Look through the material below for "else". Copy every line that contains it.

▸ Raw data

=== Begin Enclosure ===

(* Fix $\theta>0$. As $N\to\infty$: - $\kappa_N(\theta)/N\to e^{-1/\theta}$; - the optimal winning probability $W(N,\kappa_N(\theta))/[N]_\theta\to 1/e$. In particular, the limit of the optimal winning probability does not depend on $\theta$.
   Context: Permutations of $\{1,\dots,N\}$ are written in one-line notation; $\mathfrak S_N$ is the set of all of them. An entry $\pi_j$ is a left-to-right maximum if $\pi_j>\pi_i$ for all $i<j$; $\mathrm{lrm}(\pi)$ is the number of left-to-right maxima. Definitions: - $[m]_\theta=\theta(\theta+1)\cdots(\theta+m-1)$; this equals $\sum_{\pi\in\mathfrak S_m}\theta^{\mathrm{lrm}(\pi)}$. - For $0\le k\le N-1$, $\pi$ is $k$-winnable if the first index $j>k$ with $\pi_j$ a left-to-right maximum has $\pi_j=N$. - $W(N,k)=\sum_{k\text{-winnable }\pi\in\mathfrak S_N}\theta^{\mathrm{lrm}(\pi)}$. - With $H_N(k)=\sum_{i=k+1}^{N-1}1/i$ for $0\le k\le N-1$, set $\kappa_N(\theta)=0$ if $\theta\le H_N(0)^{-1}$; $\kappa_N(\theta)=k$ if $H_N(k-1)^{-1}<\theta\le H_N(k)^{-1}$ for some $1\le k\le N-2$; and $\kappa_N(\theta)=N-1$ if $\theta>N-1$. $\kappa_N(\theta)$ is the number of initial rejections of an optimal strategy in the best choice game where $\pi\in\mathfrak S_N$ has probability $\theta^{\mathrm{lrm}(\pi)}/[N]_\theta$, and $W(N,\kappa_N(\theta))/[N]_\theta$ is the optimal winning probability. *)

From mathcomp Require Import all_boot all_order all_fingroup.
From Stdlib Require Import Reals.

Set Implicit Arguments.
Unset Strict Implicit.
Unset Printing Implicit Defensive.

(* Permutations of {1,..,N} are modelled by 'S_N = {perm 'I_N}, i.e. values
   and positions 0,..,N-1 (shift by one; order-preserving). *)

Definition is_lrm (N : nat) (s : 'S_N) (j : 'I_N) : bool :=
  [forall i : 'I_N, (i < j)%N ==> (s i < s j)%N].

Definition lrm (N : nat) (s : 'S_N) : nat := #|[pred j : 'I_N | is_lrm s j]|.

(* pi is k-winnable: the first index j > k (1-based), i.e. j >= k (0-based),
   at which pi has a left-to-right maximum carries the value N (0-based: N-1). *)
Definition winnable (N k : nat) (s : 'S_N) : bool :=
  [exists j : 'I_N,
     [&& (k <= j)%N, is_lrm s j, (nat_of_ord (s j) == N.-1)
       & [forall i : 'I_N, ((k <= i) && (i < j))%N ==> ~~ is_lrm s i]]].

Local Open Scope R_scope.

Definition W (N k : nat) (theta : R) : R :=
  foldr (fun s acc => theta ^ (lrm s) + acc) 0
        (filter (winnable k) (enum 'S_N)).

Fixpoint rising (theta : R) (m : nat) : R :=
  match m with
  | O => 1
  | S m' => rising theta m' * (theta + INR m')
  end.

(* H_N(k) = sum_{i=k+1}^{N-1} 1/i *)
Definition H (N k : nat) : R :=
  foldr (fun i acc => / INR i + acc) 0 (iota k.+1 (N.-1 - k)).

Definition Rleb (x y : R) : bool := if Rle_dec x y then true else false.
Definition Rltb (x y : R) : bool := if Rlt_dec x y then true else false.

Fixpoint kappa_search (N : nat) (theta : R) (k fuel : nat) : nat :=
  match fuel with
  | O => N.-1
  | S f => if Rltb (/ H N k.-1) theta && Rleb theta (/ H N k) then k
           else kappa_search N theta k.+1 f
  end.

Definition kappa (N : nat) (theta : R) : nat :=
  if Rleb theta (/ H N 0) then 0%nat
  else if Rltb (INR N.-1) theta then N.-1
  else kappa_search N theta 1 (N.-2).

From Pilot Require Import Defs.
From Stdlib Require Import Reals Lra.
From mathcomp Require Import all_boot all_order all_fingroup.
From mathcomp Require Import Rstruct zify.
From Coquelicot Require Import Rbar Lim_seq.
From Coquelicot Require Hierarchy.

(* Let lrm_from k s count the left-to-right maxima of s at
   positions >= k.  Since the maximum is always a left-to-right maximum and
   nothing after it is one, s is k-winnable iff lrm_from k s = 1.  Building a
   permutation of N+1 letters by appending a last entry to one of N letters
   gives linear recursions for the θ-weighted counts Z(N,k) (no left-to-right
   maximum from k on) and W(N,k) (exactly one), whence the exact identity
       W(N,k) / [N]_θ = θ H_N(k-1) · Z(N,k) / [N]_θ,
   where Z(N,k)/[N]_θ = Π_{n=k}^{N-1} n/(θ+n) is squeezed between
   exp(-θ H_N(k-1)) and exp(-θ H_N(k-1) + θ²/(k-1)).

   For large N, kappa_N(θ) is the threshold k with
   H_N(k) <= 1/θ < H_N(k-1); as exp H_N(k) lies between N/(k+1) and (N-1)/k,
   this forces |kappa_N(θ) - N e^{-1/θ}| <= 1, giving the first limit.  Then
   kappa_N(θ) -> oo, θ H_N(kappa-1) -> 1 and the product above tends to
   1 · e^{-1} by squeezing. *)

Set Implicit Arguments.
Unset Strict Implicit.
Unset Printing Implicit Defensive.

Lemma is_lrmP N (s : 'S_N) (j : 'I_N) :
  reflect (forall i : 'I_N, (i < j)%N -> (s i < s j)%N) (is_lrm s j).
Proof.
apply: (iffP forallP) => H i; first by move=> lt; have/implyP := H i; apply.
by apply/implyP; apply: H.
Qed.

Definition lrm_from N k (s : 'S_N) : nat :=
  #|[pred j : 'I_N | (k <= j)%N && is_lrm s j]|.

=== End Enclosure ===
=== Begin Enclosure ===

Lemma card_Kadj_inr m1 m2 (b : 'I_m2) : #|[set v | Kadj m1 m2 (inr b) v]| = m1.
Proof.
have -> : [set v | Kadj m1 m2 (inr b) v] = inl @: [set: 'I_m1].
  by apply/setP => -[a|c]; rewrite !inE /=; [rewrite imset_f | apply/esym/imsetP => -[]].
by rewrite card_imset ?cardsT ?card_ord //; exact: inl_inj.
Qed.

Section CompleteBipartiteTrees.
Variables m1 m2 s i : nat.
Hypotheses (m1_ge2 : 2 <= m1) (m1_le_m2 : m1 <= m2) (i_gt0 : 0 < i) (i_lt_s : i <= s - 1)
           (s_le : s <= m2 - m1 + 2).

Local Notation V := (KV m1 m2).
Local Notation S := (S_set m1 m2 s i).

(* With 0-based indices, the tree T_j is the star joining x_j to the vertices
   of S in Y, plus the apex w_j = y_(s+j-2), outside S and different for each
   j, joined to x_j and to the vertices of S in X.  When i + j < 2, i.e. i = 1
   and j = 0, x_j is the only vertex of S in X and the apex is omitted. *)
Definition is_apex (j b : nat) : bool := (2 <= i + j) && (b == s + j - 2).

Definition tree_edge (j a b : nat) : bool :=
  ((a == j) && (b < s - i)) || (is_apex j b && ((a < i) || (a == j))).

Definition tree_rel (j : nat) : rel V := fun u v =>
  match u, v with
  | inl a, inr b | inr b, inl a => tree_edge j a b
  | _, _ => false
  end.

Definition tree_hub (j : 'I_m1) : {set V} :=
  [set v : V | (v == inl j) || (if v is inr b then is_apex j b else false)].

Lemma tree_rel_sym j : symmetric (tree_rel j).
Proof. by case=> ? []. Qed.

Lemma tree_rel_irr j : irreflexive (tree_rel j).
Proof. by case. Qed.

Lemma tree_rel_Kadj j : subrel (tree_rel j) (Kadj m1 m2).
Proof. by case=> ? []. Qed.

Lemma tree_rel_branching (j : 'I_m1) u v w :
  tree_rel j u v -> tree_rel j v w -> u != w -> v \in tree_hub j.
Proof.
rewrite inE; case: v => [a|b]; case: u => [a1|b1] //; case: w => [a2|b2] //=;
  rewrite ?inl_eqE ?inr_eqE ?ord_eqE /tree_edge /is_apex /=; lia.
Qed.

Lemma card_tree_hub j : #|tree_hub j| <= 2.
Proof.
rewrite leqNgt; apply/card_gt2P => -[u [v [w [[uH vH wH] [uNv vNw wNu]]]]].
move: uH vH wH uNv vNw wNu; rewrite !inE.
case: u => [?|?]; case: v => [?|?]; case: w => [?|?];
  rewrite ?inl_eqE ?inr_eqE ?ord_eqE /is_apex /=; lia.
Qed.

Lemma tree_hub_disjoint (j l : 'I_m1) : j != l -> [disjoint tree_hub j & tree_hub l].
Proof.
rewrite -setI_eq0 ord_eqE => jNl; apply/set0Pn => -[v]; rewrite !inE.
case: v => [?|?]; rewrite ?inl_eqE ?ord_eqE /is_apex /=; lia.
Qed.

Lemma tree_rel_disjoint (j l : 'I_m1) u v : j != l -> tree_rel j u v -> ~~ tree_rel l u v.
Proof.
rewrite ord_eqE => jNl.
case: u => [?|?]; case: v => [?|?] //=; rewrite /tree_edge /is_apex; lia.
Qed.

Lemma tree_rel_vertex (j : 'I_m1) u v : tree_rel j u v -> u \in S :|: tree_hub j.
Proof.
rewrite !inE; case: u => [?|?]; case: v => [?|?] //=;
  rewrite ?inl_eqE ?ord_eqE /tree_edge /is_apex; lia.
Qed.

=== End Enclosure ===

▸ Expected answer
Definition Rleb (x y : R) : bool := if Rle_dec x y then true else false.
Definition Rltb (x y : R) : bool := if Rlt_dec x y then true else false.
           else kappa_search N theta k.+1 f
  else if Rltb (INR N.-1) theta then N.-1
  else kappa_search N theta 1 (N.-2).
  [set v : V | (v == inl j) || (if v is inr b then is_apex j b else false)].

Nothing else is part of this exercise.